### Task prompt
Scan the lines below and report each one containing "first" by copying it.
Content starts
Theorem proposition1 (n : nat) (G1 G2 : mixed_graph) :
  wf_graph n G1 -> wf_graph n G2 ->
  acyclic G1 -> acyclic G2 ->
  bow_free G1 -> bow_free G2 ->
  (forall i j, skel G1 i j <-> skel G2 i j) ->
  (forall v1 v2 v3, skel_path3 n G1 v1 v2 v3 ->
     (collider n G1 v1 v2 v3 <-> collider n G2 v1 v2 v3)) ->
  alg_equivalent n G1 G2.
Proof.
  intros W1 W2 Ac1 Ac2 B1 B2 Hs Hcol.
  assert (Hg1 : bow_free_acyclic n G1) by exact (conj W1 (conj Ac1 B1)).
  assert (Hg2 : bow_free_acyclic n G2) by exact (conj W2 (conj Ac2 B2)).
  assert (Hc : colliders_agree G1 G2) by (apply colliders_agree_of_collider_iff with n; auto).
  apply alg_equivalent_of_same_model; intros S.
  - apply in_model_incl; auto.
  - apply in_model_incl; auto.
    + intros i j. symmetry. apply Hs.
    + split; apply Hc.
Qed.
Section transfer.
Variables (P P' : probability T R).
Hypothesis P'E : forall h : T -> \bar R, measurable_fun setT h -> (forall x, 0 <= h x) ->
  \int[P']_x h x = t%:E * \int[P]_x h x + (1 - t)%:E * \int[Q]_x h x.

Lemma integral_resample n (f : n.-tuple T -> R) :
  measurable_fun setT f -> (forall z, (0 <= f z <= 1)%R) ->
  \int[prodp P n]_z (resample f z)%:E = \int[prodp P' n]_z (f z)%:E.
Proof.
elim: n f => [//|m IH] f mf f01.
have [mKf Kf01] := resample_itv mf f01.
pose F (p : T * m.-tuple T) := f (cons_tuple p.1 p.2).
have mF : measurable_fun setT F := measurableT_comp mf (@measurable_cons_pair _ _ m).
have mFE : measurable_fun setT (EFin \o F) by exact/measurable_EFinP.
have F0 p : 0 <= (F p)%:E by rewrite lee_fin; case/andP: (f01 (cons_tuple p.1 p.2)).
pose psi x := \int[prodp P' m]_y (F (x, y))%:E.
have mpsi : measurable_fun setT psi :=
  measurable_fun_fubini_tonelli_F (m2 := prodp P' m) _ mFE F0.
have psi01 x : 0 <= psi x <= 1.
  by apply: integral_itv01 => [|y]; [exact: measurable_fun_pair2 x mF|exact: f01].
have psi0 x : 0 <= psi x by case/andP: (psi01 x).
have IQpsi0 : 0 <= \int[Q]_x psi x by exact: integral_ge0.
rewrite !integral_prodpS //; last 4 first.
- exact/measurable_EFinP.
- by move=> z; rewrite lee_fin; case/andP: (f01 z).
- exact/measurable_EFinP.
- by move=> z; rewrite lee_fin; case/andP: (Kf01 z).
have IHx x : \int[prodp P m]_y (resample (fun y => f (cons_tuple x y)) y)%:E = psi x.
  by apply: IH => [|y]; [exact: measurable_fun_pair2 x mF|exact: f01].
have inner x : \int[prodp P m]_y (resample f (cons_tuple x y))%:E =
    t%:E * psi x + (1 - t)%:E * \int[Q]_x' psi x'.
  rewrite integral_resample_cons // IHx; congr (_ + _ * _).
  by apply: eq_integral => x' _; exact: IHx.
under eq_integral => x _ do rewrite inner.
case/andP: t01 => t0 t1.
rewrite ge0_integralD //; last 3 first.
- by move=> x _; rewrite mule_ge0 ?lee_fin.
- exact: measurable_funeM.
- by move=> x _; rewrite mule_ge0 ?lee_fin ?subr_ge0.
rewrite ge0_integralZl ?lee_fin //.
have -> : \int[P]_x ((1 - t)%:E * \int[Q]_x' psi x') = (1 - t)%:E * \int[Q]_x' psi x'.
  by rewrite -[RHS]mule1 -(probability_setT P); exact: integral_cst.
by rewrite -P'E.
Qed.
Content ends
### Result of the task
rewrite !integral_prodpS //; last 4 first.
rewrite ge0_integralD //; last 3 first.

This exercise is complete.